Wasserstoff-Offensive: Infrastruktur, Gesetze, Investitionen

Der Hochlauf der Wasserstoffwirtschaft ist ein zentraler Hebel für
die Transformation energieintensiver Branchen und ein Standortmotor
für Forschung, Technologie und Beschäftigung.

Die Bundesregierung hat in den letzten Monaten die entscheidenden
Grundlagen geschaffen, um die Wasserstoffwirtschaft vom Konzept in
die Umsetzung zu bringen:
· Ministerratsbeschluss vom 17. September 2025: Start der Erarbeitung
einer nationalen Wasserstoff-Importstrategie, um künftige
Lieferpfade, Partnerschaften und Investitionssicherheit zu
gewährleisten und internationale sowie europäische Kooperationen zu
stärken.
· Zwei neue Wasserstoff-Verordnungen:
– Investitionszuschüsse-Verordnung Wasserstoff – erstmals 20 Mio. Ꞓ
Förderung für Elektrolyseanlagen, derzeit nach Begutachtung in
Abstimmung.
– Wasserstoffzertifizierungs-Verordnung (WstVO) – setzt EU-Vorgaben
um, schafft Rechtssicherheit und Förderfähigkeit für grünen
Wasserstoff.
· Wasserstoffförderungsgesetz (WFöG): 820 Mio. Ꞓ für den Zeitraum
2024–2026 zur Förderung von Produktion, Speicherung und
Infrastruktur; wurde bereits in der letzten Bundesregierung
umgesetzt.
· Gaswirtschaftsgesetz neu (GWG): derzeit in Ausarbeitung, mit
Umsetzungsfrist bis Mitte 2026. Es schafft den Rechtsrahmen für ein
nationales Wasserstoff-Startnetz und die Integration in das
europäische Wasserstoffnetz.
· Südkorridor: Der Wasserstoff-Südkorridor ist ein
Infrastrukturprojekt von höchster geostrategischer Bedeutung – und
Österreich nimmt hier eine aktive Gestalterrolle ein.
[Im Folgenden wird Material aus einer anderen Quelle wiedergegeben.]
(** Fix [i] and put [s = i + k - j], which runs over [0..2i] independently of [j]. Writing
    [s = 2h + p] ([p = 0, 1]) and [j = i - h + m], the summand factors as [s_coeff i s] times
    [x^(c^2 + 2ic) / (q)_c] with [c = 2m + p]. Hence the [j]-sum of a slice is the even or odd
    part of Euler's series [sum_c z^c q^(c(c-1)/2) / (q)_c = (-z;q)_oo] at [z = x q^i], i.e. half
    the sum or difference of [(-x;q)_oo / (-x;q)_i] and [(x;q)_oo / (x;q)_i]. The remaining
    finite [s]-sums are evaluated by the q-binomial theorem ([finite_identity] at [y = +-x]).
    Finally, as all terms are nonnegative, Tannery's theorem turns the cubical partial sums of
    the statement into the iterated sum over [k], then [j], then [i]. *)

Lemma Un_cv_eventually (u v : nat -> R) (l : R) (N0 : nat) :
  (forall n, (N0 <= n)%nat -> u n = v n) -> Un_cv v l -> Un_cv u l.
Proof.
  intros Huv Cv e He. destruct (Cv e He) as [N HN]. exists (max N N0). intros n Hn.
  rewrite Huv by lia. apply HN. lia.
Qed.

Lemma Un_cv_const (c : R) : Un_cv (fun _ => c) c.
Proof. intros e He. exists O. intros n _. unfold Rdist. rewrite Rminus_diag, Rabs_R0. exact He. Qed.

Lemma Un_cv_scal (c : R) (u : nat -> R) (l : R) : Un_cv u l -> Un_cv (fun n => c * u n) (c * l).
Proof. intro Cu. apply (CV_mult (fun _ => c)); [apply Un_cv_const | exact Cu]. Qed.

Lemma Un_cv_pow0 (r : R) : 0 <= r < 1 -> Un_cv (fun n => r ^ n) 0.
Proof.
  intros Hr e He. destruct (pow_lt_1_zero r ltac:(rewrite Rabs_right; lra) e He) as [N HN].
  exists N. intros n Hn. unfold Rdist. rewrite Rminus_0_r. auto.
Qed.

Lemma Un_cv_subseq (u : nat -> R) (phi : nat -> nat) (l : R) :
  (forall n, (n <= phi n)%nat) -> Un_cv u l -> Un_cv (fun n => u (phi n)) l.
Proof.
  intros Hphi Cu e He. destruct (Cu e He) as [N HN]. exists N. intros n Hn. apply HN.
  specialize (Hphi n). lia.
Qed.

Lemma sum_f_R0_zero (u : nat -> R) (N : nat) :
  (forall n, (n <= N)%nat -> u n = 0) -> sum_f_R0 u N = 0.
Proof.
  induction N as [|N IH]; intros Hu; simpl.
  - apply Hu; lia.
  - rewrite IH by (intros; apply Hu; lia). rewrite (Hu (S N)) by lia. ring.
Qed.

Lemma sum_drop_zeros (u : nat -> R) (d m : nat) :
  (forall k, (k < d)%nat -> u k = 0) -> sum_f_R0 u (d + m) = sum_f_R0 (fun k => u (d + k)%nat) m.
Proof.
  intros Hu. induction m as [|m IH].
  - rewrite Nat.add_0_r. simpl sum_f_R0 at 2. rewrite Nat.add_0_r. destruct d as [|d]; [reflexivity|].
    rewrite tech5, sum_f_R0_zero by (intros; apply Hu; lia). ring.
  - replace (d + S m)%nat with (S (d + m)) by lia. rewrite !tech5, IH.
    replace (d + S m)%nat with (S (d + m)) by lia. reflexivity.
Qed.

Lemma series_drop_zeros (u : nat -> R) (d : nat) (l : R) :
  (forall k, (k < d)%nat -> u k = 0) ->
  Un_cv (sum_f_R0 (fun k => u (d + k)%nat)) l -> Un_cv (sum_f_R0 u) l.
Proof.
  intros Hu C. apply (CV_shift _ d).
  apply (Un_cv_ext (sum_f_R0 (fun k => u (d + k)%nat))); [|exact C].
  intro n. rewrite Nat.add_comm, sum_drop_zeros by exact Hu. reflexivity.
Qed.

Lemma sum_trailing_zeros (u : nat -> R) (m N : nat) :
  (m <= N)%nat -> (forall k, (m < k)%nat -> u k = 0) -> sum_f_R0 u N = sum_f_R0 u m.
Proof.
  intros Hm Hu. induction N as [|N IH].
  - replace m with O by lia. reflexivity.
  - destruct (Nat.eq_dec m (S N)) as [->|Hne]; [reflexivity|].
    rewrite tech5, IH, Hu by lia. ring.
Qed.

Lemma finite_sum_of_series (F : nat -> nat -> R) (D : nat -> R) (m : nat) :
  (forall s, (s <= m)%nat -> Un_cv (sum_f_R0 (fun j => F j s)) (D s)) ->
  Un_cv (sum_f_R0 (fun j => sum_f_R0 (F j) m)) (sum_f_R0 D m).
Proof.
  induction m as [|m IH]; intros HF; simpl.
  - apply HF. lia.
  - apply (Un_cv_ext (fun n => sum_f_R0 (fun j => sum_f_R0 (F j) m) n + sum_f_R0 (fun j => F j (S m)) n)).
    + intro n. rewrite <- plus_sum. reflexivity.
    + apply CV_plus; [apply IH; intros; apply HF; lia | apply HF; lia].
Qed.

Lemma finite_sum_of_limits (f : nat -> nat -> R) (g : nat -> R) (K : nat) :
  (forall k, Un_cv (fun N => f N k) (g k)) -> Un_cv (fun N => sum_f_R0 (f N) K) (sum_f_R0 g K).
Proof. intros Hf. induction K as [|K IH]; simpl; [apply Hf | apply CV_plus; auto]. Qed.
Die Pipeline-
Verbindung von Nordafrika über Italien und Österreich nach
Mitteleuropa gilt als eines der prioritären EU-Wasserstoffkorridore.
Mit einer gemeinsamen Erklärung mit Deutschland, Italien, Algerien
und Tunesien wurde der Grundstein gelegt, um bis 2035 grünen
Wasserstoff im industriellen Maßstab nach Österreich und Deutschland
zu bringen.

„Mit dem Wasserstoff-Südkorridor und klaren Rahmenbedingungen für
Speicher zeigen wir, dass Österreich die Transformation nicht nur
mitträgt, sondern aktiv gestaltet“, so Hattmannsdorfer.

Vier Großprojekte als erster Umsetzungsschritt

Im Rahmen der nationalen Förderschiene werden vier Schlüsselprojekte
mit einer Gesamtfördersumme von 274,8 Millionen Euro unterstützt. Die
Förderentscheidung des Wirtschaftsministeriums fiel im Oktober 2025,
die Abwicklung erfolgt über die Austria Wirtschaftsservice GmbH (aws)
.

Bereits heute sichert die Wasserstoffwirtschaft in Österreich rund
6.000 Arbeitsplätze direkt und indirekt – in Planung, Bau und Betrieb
von Anlagen. Mit den neuen Projekten wird dieser Beschäftigungseffekt
weiter wachsen und zusätzliche Investitionen im Land auslösen.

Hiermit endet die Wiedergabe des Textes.